Zmiany nie zawsze wychodzą na dobre, czyli Glossy Temptation vs. Eliksir od Wibo

Niedługo przed promocją 1+1 w Rossmannie, dotarła do mnie wiadomość, że osławione Eliksiry stoją na półkach z napisem "cena na do widzenia". Poszłam, sprawdziłam - rzeczywiście. Wniosek nasuwał się sam: szminki będa wycofywane ze sklepów. 
W zeszłym miesiącu ShinyBox obdarował mnie torebeczką z nowościami od Wibo, a w środku znalazłam jeszcze ciepłą (no żart, była zimna jak lód) pomadkę Glossy Temptation. Wiedziałam, że to następczyni Eliksirów i byłam nawet happy, bo w porównaniu ze starą wersją, opakowanie jest dużo lepsze - eleganckie, czarne, matowe, nie mające nic wspólnego z tandetą, jaką raczyły nas uwielbiane przez wiele blogerek szminki, zamknięte w biało-różowych, kanciatych plastikach. 

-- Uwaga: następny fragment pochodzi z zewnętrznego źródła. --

Lemma ids_sub_H : G0 \subset H.
Proof. by case: HW. Qed.

Lemma H_inv h : h \in H -> inv h \in H.
Proof. by case: HW => -[_ hi _] _; apply: hi. Qed.

Lemma H_mul g h : g \in H -> h \in H -> gr_d mul inv g = r h -> mul g h \in H.
Proof. by case: HW => -[_ _ hm] _; apply: hm. Qed.

Definition tr (w : R) : R := \sum_(h in H) beta h (w * one (inv h)).

(* First dual-basis identity (only the identities of H contribute). *)
Lemma tr_coords z : \sum_(j < m) x j * tr (y j * z) = z.
Proof.
rewrite /tr; under eq_bigr do rewrite mulr_sumr.
rewrite exchange_big /=.
under eq_bigr => h _.
  rewrite (eq_bigr (fun j => x j * beta h (y j * one (inv h)) * beta h (z * one (inv h))));
    last by move=> j _; rewrite (beta_mul_one A) mulrA.
  rewrite -mulr_suml galois_coords.
over.
rewrite (big_setID G0) /= (setIidPr ids_sub_H) [X in _ + X]big1 ?addr0; last first.
  by move=> h /setDP[_ /negPf ->]; rewrite mul0r.
rewrite -[RHS]mulr1 (one_decomp G A) mulr_sumr.
apply: eq_bigr => h hG; rewrite hG; case: (ids_fixed G hG) => _ _ ih.
by rewrite ih (act_beta_id A hG (E_mul_one A _ _)) (act_one_l A (E_mul_one A _ _)).
Qed.

Lemma tr_dual h w : h \in H ->
  \sum_(i < m) tr (w * x i) * beta h (y i * one (inv h)) = beta h (w * one (inv h)).
Proof.
move=> hH; rewrite /tr; under eq_bigr do rewrite mulr_suml.
rewrite exchange_big /=.
under eq_bigr => k _.
  rewrite (eq_bigr (fun i => beta k (w * one (inv k)) *
      (beta k (x i * one (inv k)) * beta h (y i * one (inv h)))));
    last by move=> i _; rewrite (beta_mul_one A) mulrA.
  rewrite -mulr_sumr dual_orth.
over.
rewrite (bigD1 h) //= eqxx big1 ?addr0 => [|k /andP[_ /negPf ->]]; last by rewrite mulr0.
exact/(act_one_r A)/(act_beta_in A)/(E_mul_one A).
Qed.

Lemma tr_mul_one w g :
  tr w * one g = \sum_(h in H | r h == r g) beta h (w * one (inv h)).
Proof.
rewrite /tr mulr_suml (bigID (fun h => r h == r g)) /= [X in _ + X]big1 ?addr0.
  apply: eq_bigr => h /andP[_ /eqP e]; rewrite -(one_of_r A e).
  exact/(act_one_r A)/(act_beta_in A)/(E_mul_one A).
move=> h /andP[_ ne]; apply: (E_orth A ne); last exact: (act_one_in A).
exact/(act_beta_in A)/(E_mul_one A).
Qed.
(* Coxeter length = number of inversions *)
Definition ell (x : Sn) : nat :=
  #|[set p : 'I_n * 'I_n | (p.1 < p.2) && (x p.2 < x p.1)]|.

Definition bedge (x y : Sn) : bool := is_transp (y * x^-1)%g && (ell x < ell y).

Definition bruhat_le (x y : Sn) : bool := connect bedge x y.
Definition bruhat_lt (x y : Sn) : bool := (x != y) && bruhat_le x y.

Definition tat (T : Type) (k : nat) (t : k.+1.-tuple T) (i : nat) : T :=
  tnth t (inord i).

Definition is_bpath (h : nat) (u v : Sn) (G : h.+1.-tuple Sn) : bool :=
  [&& tat G 0 == u, tat G h == v &
      [forall i : 'I_h, bedge (tat G i) (tat G i.+1)]].

Definition Pset (h : nat) (u v : Sn) : {set h.+1.-tuple Sn} :=
  [set G | @is_bpath h u v G].

(* the other middle vertex of the (0 or 2) length-2 paths x -> . -> z, besides y *)
Definition flip_mid (x y z : Sn) : Sn :=
  odflt y [pick w | [&& w != y, bedge x w & bedge w z]].

Definition flip (h : nat) (i : nat) (G : h.+1.-tuple Sn) : h.+1.-tuple Sn :=
  [tuple (if (j : nat) == i then flip_mid (tat G i.-1) (tat G i) (tat G i.+1)
          else tnth G j) | j < h.+1].

End Bruhat.

(* y is obtained from x by applying a finite word in the operators f i, lo <= i <= hi;
   for involutions this is the orbit of x under the generated group *)
Definition gen_reach (T : Type) (f : nat -> T -> T) (lo hi : nat) (x y : T) : Prop :=
  exists w : seq nat, all (fun i => lo <= i <= hi) w /\ foldr f x w = y.

Section TimeSupport.
Variables (n h : nat).
Local Notation Sn := {perm 'I_n}.
Local Notation V := (Sn * 'I_h.+1)%type.
Variable F : {set h.+1.-tuple Sn}.

Definition flipclass (u v : Sn) : Prop :=
  exists2 G, G \in @Pset n h u v &
    (forall G', G' \in F <-> gen_reach (@flip n h) 1 h.-1 G G').

Definition TSvert : {set V} := [set p : V | [exists G in F, tnth G p.2 == p.1]].

Definition TSedge (p q : V) : bool :=
  ((q.2 : nat) == (p.2 : nat).+1) &&
  [exists G in F, (tnth G p.2 == p.1) && (tnth G q.2 == q.1)].

Definition TSle (p q : V) : bool := connect TSedge p q.

Definition TSinterval (p q : V) : {set V} :=
  [set w in TSvert | TSle p w && TSle w q].

Definition diamond (p q : V) : bool := #|TSinterval p q :\ p :\ q| == 2.

Definition is_TSpath (u v : Sn) (p : h.+1.-tuple V) : bool :=
  [&& tat p 0 == (u, ord0), tat p h == (v, ord_max) &
      [forall i : 'I_h, TSedge (tat p i) (tat p i.+1)]].

Definition PTS (u v : Sn) : {set h.+1.-tuple V} := [set p | is_TSpath u v p].

Definition iTS (G : h.+1.-tuple Sn) : h.+1.-tuple V := [tuple (tnth G i, i) | i < h.+1].

Definition TSmid (x y z : V) : V :=
  odflt y [pick w in TSinterval x z | [&& w != x, w != z & w != y]].

Definition fbar (i : nat) (p : h.+1.-tuple V) : h.+1.-tuple V :=
  [tuple (if (j : nat) == i then TSmid (tat p i.-1) (tat p i) (tat p i.+1)
          else tnth p j) | j < h.+1].

End TimeSupport.

(* Two permutations at distance two in the Bruhat graph have exactly two middle
   vertices.  If y = (a b) x and z = (c d) y, then z x^-1 is either a product of two
   commuting disjoint transpositions, or a 3-cycle; a 3-cycle has three factorisations
   into two transpositions, and of the two candidate middles other than y exactly one
   has increasing lengths.  Hence in TS_F the interval between the vertices at times
   i-1 and i+1 of a path i_TS(G), G in F, consists of the vertices at time i of i_TS(G)
   and of i_TS(f_i G), so that bar f_i (i_TS G) = i_TS (f_i G).
   If every path of TS_F is effective, every interval [(a,i),(b,i+2)] lies on such a
   path and is therefore a diamond, and the transitivity of the f_i on F transfers to
   the bar f_i.  Conversely, i_TS is always injective, and if the bar f_i act
   transitively, every path of TS_F is reached by flips from an effective one, hence
   is effective. *)

From mathcomp Require Import all_boot all_fingroup zify.
Set Implicit Arguments. Unset Strict Implicit. Unset Printing Implicit Defensive.

Ltac case_tperm := repeat match goal with
  | |- context [fun_of_perm.body (tperm ?x ?y) ?z] =>
      is_var z; case: (tpermP x y z) => [?|?|? ?]; subst
  end.

Section Transpositions.
Variable T : finType.
Local Open Scope group_scope.

Lemma tperm_mul_moves (s : {perm T}) (e f g h : T) : e != f ->
  s = tperm g h * tperm e f -> s != 1 -> s e != e.
Proof.
move=> ef ->; apply: contraNN; rewrite permM => /eqP.
have tpermE k : tperm e f k = e -> k = f by move/(congr1 (tperm e f)); rewrite tpermK tpermL.
case: (tpermP g h e) => [<-|<-|_ _]; first by move/tpermE->; rewrite tperm2.
  by move/tpermE->; rewrite tpermC tperm2.
by rewrite tpermL => /eqP; rewrite eq_sym (negbTE ef).
Qed.

Lemma tperm_mul_invol (s : {perm T}) (e f g h : T) : e != f ->
  s = tperm g h * tperm e f -> s * s = 1 -> s != 1 -> s e = f.
Proof.
move=> ef sE ss1 s1; have sse : s (s e) = e by rewrite -permM ss1 perm1.
move: s1 sse; rewrite sE !permM.
case: (tpermP g h e) => [<-|<-|_ _]; last by rewrite tpermL.
  case: (tpermP e f h) => [->|->|_ _] //; first by rewrite tperm2 eqxx.
  by rewrite tpermR tpermL => _ /eqP; rewrite eq_sym (negbTE ef).
rewrite [tperm g e]tpermC; case: (tpermP e f g) => [->|->|_ _] //; first by rewrite tperm2 eqxx.
by rewrite tpermR tpermL => _ /eqP; rewrite eq_sym (negbTE ef).
Qed.

Lemma tperm_factor_disjoint (a b c d e f g h : T) :
  a != b -> c != d -> e != f -> c != a -> c != b -> d != a -> d != b ->
  tperm g h * tperm e f = tperm c d * tperm a b ->
  tperm e f = tperm a b \/ tperm e f = tperm c d.
Proof.
move=> /eqP ab /eqP cd ef /eqP ca /eqP cb /eqP da /eqP db E.
have ss1 : tperm c d * tperm a b * (tperm c d * tperm a b) = 1.
  by apply/permP => k; rewrite !permM perm1; case_tperm; congruence.
have s1 : tperm c d * tperm a b != 1.
  by apply/eqP => /permP/(_ a); rewrite !permM perm1; case_tperm; congruence.
move: (tperm_mul_invol ef (esym E) ss1 s1); rewrite permM.
move/eqP: ef; case_tperm; move=> ef Ef; subst f;
  (by left) || (by right) || (by left; rewrite tpermC) || (by right; rewrite tpermC) || congruence.
Qed.

Lemma tperm_factor_3cycle (s a c e f g h : T) : s != a -> s != c -> a != c -> e != f ->
  tperm g h * tperm e f = tperm s c * tperm s a ->
  [\/ tperm e f = tperm s a, tperm e f = tperm s c | tperm e f = tperm a c].
Proof.
move=> /eqP sa /eqP sc /eqP ac ef E.
have s1 : tperm s c * tperm s a != 1.
  by apply/eqP => /permP/(_ s); rewrite !permM perm1; case_tperm; congruence.
have E' : tperm s c * tperm s a = tperm g h * tperm f e by rewrite -E [tperm f e]tpermC.
have fe : f != e by rewrite eq_sym.
move: (tperm_mul_moves ef (esym E) s1) (tperm_mul_moves fe E' s1); rewrite !permM.
move/eqP: ef; case_tperm; rewrite ?eqxx // => ef _ _;
  first [ by constructor 1 | by constructor 2 | by constructor 3
        | by constructor 1; rewrite tpermC | by constructor 2; rewrite tpermC
        | by constructor 3; rewrite tpermC | congruence ].
Qed.

End Transpositions.

Section BruhatEdges.
Variable n : nat.
Local Notation Sn := {perm 'I_n}.
Local Open Scope group_scope.

Lemma ell_tperm_lt (x : Sn) (i j : 'I_n) : (i < j)%N -> (x i < x j)%N ->
  (ell x < ell (tperm i j * x))%N.
Proof.
move=> ij xij; set s := tperm i j.
have sxE k : (s * x) k = x (s k) by rewrite permM.
(* [g] relabels a pair by [s] whenever this keeps it increasing: it maps the
   inversions of [x] injectively to inversions of [s * x], and misses [(i, j)]. *)
pose g (p : 'I_n * 'I_n) := if (s p.1 < s p.2)%N then (s p.1, s p.2) else p.
have gK (p : 'I_n * 'I_n) : (p.1 < p.2)%N -> g (g p) = p.
  case: (boolP (s p.1 < s p.2)%N) => H; rewrite /g ?H ?(negbTE H) //=.
  by rewrite !tpermK => ->; rewrite -surjective_pairing.
rewrite /ell; set A := [set p : 'I_n * 'I_n | _]; set B := [set p : 'I_n * 'I_n | _].
have g_inj : {in A &, injective g}.
  by move=> p q; rewrite !inE => /andP[p12 _] /andP[q12 _] E; rewrite -(gK p) // E gK.
rewrite -(card_in_imset g_inj); apply: proper_card; apply/properP; split.
  apply/subsetP => _ /imsetP[[p1 p2] + ->]; rewrite inE /= => /andP[p12 xp].
  rewrite /g /=; case: ifP => Hs; rewrite inE /= !sxE ?Hs ?tpermK //= p12 /=.
  move/negbT: Hs; move: p12 xp; rewrite /s.
  case: (tpermP i j p1) => [->|->|/eqP + /eqP]; case: (tpermP i j p2) => [->|->|/eqP + /eqP];
    rewrite -?val_eqE /=; lia.
exists (i, j); first by rewrite inE /= ij !sxE /s tpermL tpermR.
apply/imsetP => -[p]; rewrite inE => /andP[p12 xp] E.
have : g (i, j) = p by rewrite E gK.
rewrite /g /= /s tpermL tpermR ltnNge (ltnW ij) /= => Ep.
by move: xp; rewrite -Ep /=; lia.
Qed.

Lemma is_transp_tperm (i j : 'I_n) : i != j -> is_transp (tperm i j).
Proof. by move=> ij; apply/existsP; exists i; apply/existsP; exists j; rewrite ij eqxx. Qed.

Lemma bedge_tperm_lt (x : Sn) (i j : 'I_n) : (i < j)%N ->
  bedge x (tperm i j * x) = (x i < x j)%N.
Proof.
move=> ij; have ij' : i != j by rewrite -val_eqE /= neq_ltn ij.
rewrite /bedge mulgK is_transp_tperm //=.
case: (ltngtP (x i) (x j)) => [|xji|/val_inj/perm_inj eq_ij]; first exact: ell_tperm_lt.
  apply/negbTE; rewrite -leqNgt ltnW //.
  have := @ell_tperm_lt (tperm i j * x) i j ij.
  by rewrite !permM tpermL tpermR mulgA tperm2 mul1g; apply.
by rewrite eq_ij eqxx in ij'.
Qed.

Lemma bedge_tperm (x : Sn) (i j : 'I_n) : i != j ->
  bedge x (tperm i j * x) = ((i < j)%N == (x i < x j)%N).
Proof.
move=> ij; case: (ltngtP i j) => [lt|gt|/val_inj eq_ij]; first by rewrite bedge_tperm_lt.
  rewrite tpermC bedge_tperm_lt //= ltn_neqAle leqNgt val_eqE (inj_eq perm_inj).
  by rewrite eq_sym ij.
by rewrite eq_ij eqxx in ij.
Qed.
Definition tight_corr (X : topologicalType) (ract : X -> G -> X)
    (r : X -> disc V) : Prop :=
  homeomorphism (anchor_star ract r).

Definition corr_data (E : Type) (actE : G -> E -> E) (phi : G -> E -> G)
    (rE sE : E -> V) : Prop :=
  [/\ is_left_action actE, is_cocycle actE phi,
      forall g e, sE (actE g e) = actV (phi g e) (sE e) &
      forall g e, rE (actE g e) = actV g (rE e)].

Definition Xspace (E : Type) : topologicalType := disc (E * G)%type.

Definition X_lact (E : Type) (actE : G -> E -> E) (phi : G -> E -> G)
  : G -> Xspace E -> Xspace E :=
  fun h p => (actE h p.1, phi h p.1 * p.2).

Definition X_ract (E : Type) : Xspace E -> G -> Xspace E :=
  fun p g2 => (p.1, p.2 * g2).

Definition X_r (E : Type) (rE : E -> V) : Xspace E -> disc V :=
  fun p => rE p.1.

Definition X_s (E : Type) (sE : E -> V) : Xspace E -> disc V :=
  fun p => actV (p.2)^-1 (sE p.1).

End Correspondences.

From HB Require Import structures.
From mathcomp Require Import all_boot all_order all_algebra generic_quotient.
From mathcomp Require Import all_classical all_reals topology.

(** A point of a correspondence [X] is [repr q . g] for its orbit [q] and,
    by freeness of the right action, a unique [g]; so [x |-> (pi x, g)]
    identifies [X] with [E * G] for the orbit space [E = X / G], and the left
    action transported along it has the form [(e, g) |-> (h e, h|_e g)] for a
    cocycle [h|_e].  Since [s] is a local homeomorphism into the discrete [V],
    [X] is discrete, so this identification is a homeomorphism.  Changing the
    representatives to [repr q . psi q] turns the cocycle into [phi^psi],
    which gives uniqueness.  For [X = E * G] the orbit of [(e, g)] is
    [{e} * G], so [r_*] is [r]; on discrete spaces compact sets are the finite
    ones and homeomorphisms are the bijections, whence the criteria for
    properness and tightness. *)

Set Implicit Arguments.
Unset Strict Implicit.
Unset Printing Implicit Defensive.

Local Open Scope classical_set_scope.

Definition is_discrete (X : topologicalType) : Prop := forall A : set X, open A.

Lemma disc_discrete (T : Type) : is_discrete (disc T).
Proof. exact: discrete_open. Qed.

Lemma discrete_of_open_set1 (X : topologicalType) :
  (forall x : X, open [set x]) -> is_discrete X.
Proof.
move=> open1 A; rewrite -[A]image_id -bigcup_imset1.
by apply: bigcup_open => x _; exact: open1.
Qed.

Lemma discrete_prod (X Y : topologicalType) :
  is_discrete X -> is_discrete Y -> is_discrete (X * Y)%type.
Proof.
move=> dX dY; apply: discrete_of_open_set1 => -[x y].
have -> : [set (x, y)] = fst @^-1` [set x] `&` snd @^-1` [set y].
  by apply/seteqP; split => [_ -> //|[a b] /= [-> ->]].
apply: openI; apply: open_comp.
- by move=> p _; exact: cvg_fst.
- exact: dX.
- by move=> p _; exact: cvg_snd.
- exact: dY.
Qed.

Lemma discrete_compact_finite (X : topologicalType) (A : set X) :
  is_discrete X -> compact A -> finite_set A.
Proof.
move=> dX /compact_near_coveringP coverA.
(* Along the filter of supersets of finite sets, each point of [A] is
   eventually covered (singletons are neighbourhoods), hence by compactness
   [A] is eventually covered, i.e. contained in a finite set. *)
pose F := filter_from [set B : set X | finite_set B]
                      (fun B => [set i | B `<=` i]).
have F_filter : Filter F.
  apply: filter_from_filter; first by exists set0; exact: finite_set0.
  move=> B C fB fC; exists (B `|` C); first by rewrite /= finite_setU.
  by move=> i /= BCi; split=> x Bx; apply: BCi; [left|right].
have [B fB BA] : F [set i | A `<=` i].
  apply: (coverA _ F (fun i x => i x)) => x Ax.
  exists ([set x], [set i | i x]) => [|[_ i] /= [-> //]]; split => /=.
    by apply: open_nbhs_nbhs; split; [exact: dX|].
  by exists [set x]; [exact: finite_set1|move=> i /= /(_ x erefl)].
exact: sub_finite_set (BA _ (@subset_refl _ B)) fB.
Qed.

Lemma discrete_continuous (X Y : topologicalType) (f : X -> Y) :
  is_discrete X -> continuous f.
Proof. by move=> dX; apply/continuousP => A _; exact: dX. Qed.

Lemma discrete_proper_mapP (X Y : topologicalType) (f : X -> Y) :
  is_discrete X -> is_discrete Y ->
  proper_map f <-> forall K, finite_set K -> finite_set (f @^-1` K).
Proof.
move=> dX dY; split=> fP K.
  by move=> /finite_compact/fP; exact: discrete_compact_finite.
by move=> /(discrete_compact_finite dY)/fP; exact: finite_compact.
Qed.

Lemma discrete_injective_proper_map (X Y : topologicalType) (f : X -> Y) :
  is_discrete X -> is_discrete Y -> injective f -> proper_map f.
Proof.
move=> dX dY fI; apply/discrete_proper_mapP => // K; apply: finite_preimage.
by move=> ? ? _ _; exact: fI.
Qed.

Lemma discrete_homeomorphismP (X Y : topologicalType) (f : X -> Y) :
  is_discrete X -> is_discrete Y ->
  homeomorphism f <-> bijective f.
Proof.
move=> dX dY; split=> [[_ [g [fK gK _]]]|[g fK gK]]; first by exists g.
by split; [|exists g; split] => //; exact: discrete_continuous.
Qed.

Lemma discrete_local_homeo (X Y : topologicalType) (f : X -> Y) :
  is_discrete X -> is_discrete Y -> local_homeo f.
Proof.
move=> dX dY x; exists [set x]; split; [exact: dX|by []|exact: dY| |].
  by move=> a b -> ->.
by split=> [|W _ _]; [apply: continuous_subspaceT; exact: discrete_continuous|].
Qed.

Section DGroupTheory.
Variable G : DGroup.
Local Notation "x * y" := (gmul x y).
Local Notation "x ^-1" := (ginv x).
Local Notation "1" := (@gone G).
Implicit Types x y : G.

Lemma gmul_idem_eq1 x : x * x = x -> x = 1.
Proof. by move=> /(congr1 (gmul x^-1)); rewrite gmulA gmulV gmul1. Qed.

Lemma gmulgV x : x * x^-1 = 1.
Proof.
by apply: gmul_idem_eq1; rewrite -gmulA [x^-1 * (x * _)]gmulA gmulV gmul1.
Qed.

Lemma gmulg1 x : x * 1 = x.
Proof. by rewrite -(gmulV x) gmulA gmulgV gmul1. Qed.

Lemma gmulKg x y : x^-1 * (x * y) = y.
Proof. by rewrite gmulA gmulV gmul1. Qed.

Lemma gmulKVg x y : x * (x^-1 * y) = y.
Proof. by rewrite gmulA gmulgV gmul1. Qed.

Lemma gmulgI x y z : x * y = x * z -> y = z.
Proof. by move=> e; rewrite -(gmulKg x y) e gmulKg. Qed.

Lemma ginvK : involutive (@ginv G).
Proof. by move=> x; apply: (@gmulgI x^-1); rewrite gmulgV gmulV. Qed.

Lemma ginvM x y : (x * y)^-1 = y^-1 * x^-1.
Proof. by apply: (@gmulgI (x * y)); rewrite gmulgV -gmulA gmulKVg gmulgV. Qed.

Lemma ginv1 : 1^-1 = 1.
Proof. by rewrite -[LHS]gmul1 gmulgV. Qed.

Section LeftActions.
Variables (T : Type) (act : G -> T -> T).
Hypothesis actP : is_left_action act.

Lemma act1 t : act 1 t = t.
Proof. by case: actP. Qed.

Lemma actM g h t : act (g * h) t = act g (act h t).
Proof. by case: actP. Qed.

Lemma actK g t : act g^-1 (act g t) = t.
Proof. by rewrite -actM gmulV act1. Qed.

Lemma actKV g t : act g (act g^-1 t) = t.
Proof. by rewrite -actM gmulgV act1. Qed.

End LeftActions.
Lemma arrival_tilt_le (k : nat) : (i <= k < j)%nat ->
  s * cross u (arrival k) <= s * cross u (arrival (S k)).
Proof.
  intros Hk.
  destruct (arrival_admissible k ltac:(lia)) as [Ua Fa].
  destruct (arrival_admissible (S k) ltac:(lia)) as [Ub Fb].
  destruct (Nat.eq_dec k i) as [->|Hki].
  - unfold arrival at 1; rewrite Nat.eqb_refl.
    destruct (perp_frame s (- s) u Hu Hs) as [_ [_ ->]]; [lra|].
    pose proof (tilt_bound s u (arrival (S i)) Hu Hs Ub); lra.
  - apply tilt_le_of_cross_pos; auto.
    destruct k as [|k]; [lia|]; rewrite !arrival_S by lia.
    pose proof (norm_pos _ (Hedge k ltac:(lia))); pose proof (norm_pos _ (Hedge (S k) Hk)).
    unfold unitv; rewrite cross_vscale.
    replace (s * (/ norm (edge p k) * / norm (edge p (S k)) * cross (edge p k) (edge p (S k))))
      with (/ norm (edge p k) * / norm (edge p (S k)) * (s * cross (edge p k) (edge p (S k))))
      by ring.
    apply Rmult_lt_0_compat; [|apply Hturn; lia].
    apply Rmult_lt_0_compat; apply Rinv_0_lt_compat; assumption.
Qed.

Lemma potential_step (k : nat) : (i <= k < j)%nat ->
  dist (p k) (p (S k)) <= potential (S k) - potential k.
Proof.
  intros Hk.
  destruct (arrival_admissible k ltac:(lia)) as [Ua Fa].
  destruct (arrival_admissible (S k) ltac:(lia)) as [Ub Fb].
  pose proof (dot_vsub_le_angle s r u (arrival k) (arrival (S k)) (vsub (p k) o)
    Hu Hs Ua Ub Fa Fb (arrival_tilt_le k Hk) (Hdisk k ltac:(lia)) Hr) as Harc.
  assert (Hlen : dist (p k) (p (S k)) = dot (edge p k) (arrival (S k))).
  { rewrite dist_norm, arrival_S by lia; symmetry; apply dot_unitv_self, Hedge; lia. }
  unfold potential; rewrite Hlen.
  replace (dot (vsub (p (S k)) o) (arrival (S k)))
    with (dot (vsub (p k) o) (arrival (S k)) + dot (edge p k) (arrival (S k)))
    by (unfold edge; coords; ring).
  replace (dot (vsub (p k) o) (vsub (arrival k) (arrival (S k))))
    with (dot (vsub (p k) o) (arrival k) - dot (vsub (p k) o) (arrival (S k)))
    in Harc by (coords; ring).
  lra.
Qed.

Lemma potential_start : potential i = - (r * (PI / 2)).
Proof.
  unfold potential, arrival; rewrite Nat.eqb_refl, Hstart.
  destruct (perp_frame s (- s) u Hu Hs) as [_ [Hdot ->]]; [lra|].
  replace (s * - s) with (- (1)) by lra; rewrite asin_opp, asin_1.
  replace (dot (vscale (- r) u) (vscale (- s) (perp u)))
    with (- r * dot u (vscale (- s) (perp u))) by (coords; ring).
  rewrite Hdot; ring.
Qed.

Lemma potential_end : potential j <= r * (PI / 2).
Proof.
  destruct (arrival_admissible j ltac:(lia)) as [Ua Fa].
  destruct (perp_frame s s u Hu Hs Hs) as [Ue [Fe He]].
  assert (Hx : dot (vsub (p j) o) (vsub (p j) o) <= r * r).
  { rewrite Hend; right; transitivity (r * r * dot u u); [coords; ring|rewrite Hu; ring]. }
  pose proof (dot_vsub_le_angle s r u (arrival j) (vscale s (perp u)) (vsub (p j) o)
    Hu Hs Ua Ue Fa (Req_le_sym _ _ Fe) ltac:(rewrite He, Hs; apply tilt_bound; auto)
    Hx Hr) as Harc.
  rewrite He, Hs, asin_1 in Harc.
  replace (dot (vsub (p j) o) (vsub (arrival j) (vscale s (perp u))))
    with (dot (vsub (p j) o) (arrival j)) in Harc
    by (rewrite Hend; transitivity (dot (vscale r u) (arrival j) - r * dot u (vscale s (perp u)));
        [rewrite Fe; ring|coords; ring]).
  unfold potential; lra.
Qed.

Lemma monotone_convex_chain_in_disk_length : subchain_length p i (j - i) <= r * PI.
Proof.
  pose proof (subchain_length_le_potential p potential i (j - i)
    ltac:(intros k Hk; apply potential_step; lia)) as H.
  replace (i + (j - i))%nat with j in H by lia.
  pose proof potential_start; pose proof potential_end; lra.
Qed.

End MonotoneConvexChainInDisk.

Lemma thales_identity (a b x : point) :
  dot (vsub x (midpoint a b)) (vsub x (midpoint a b)) =
  dot (vsub b a) (vsub b a) / 4 + dot (vsub a x) (vsub b x).
Proof. unfold midpoint; coords; field. Qed.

Tak się złożyło, że w swojej kolekcji posiadam ten sam kolor starej i nowej wersji pomadki. W przypadku Eliksiru był to numer 8, a Glossy Temptation została oznaczona czwórką. W każdym razie, wyglądają identycznie i wydawało mi się, że takie są. Na zdjęciach nie widać różnicy - zauważyłam ją dopiero podczas noszenia. 

Jak widzicie, Eliksir jest już na wykończeniu, a opakowanie wygląda źle. Bardzo źle. I wyglądało tak już po tygodniu używania. Glossy Temptation noszę w torebce już około miesiąca, a szminka nadal wygląda jak nowa - napisy są całe, zatyczka nie wylatuje, rys brak. Wibo, gratuluję Wam! Wreszcie będę wiedziała, czym maluję usta!


Obie szminki kosztują tyle samo - 7,99 zł. Kolory te same, konsystencja ta sama, obie półtransparentne, różnią się tylko opakowaniami. Na porównawczym zdjęciu poniżej widać, że jednak stary, dobry Eliksir bardziej krył. I od razu jakoś tak lepiej wyglądał. Bo nie ukrywajmy, ale Glossy Temptation na ustach wygląda bardziej jak błyszczyk, niż szminka, a poza tym nierównomiernie się rozprowadza, tworząc nieestetyczne prześwity.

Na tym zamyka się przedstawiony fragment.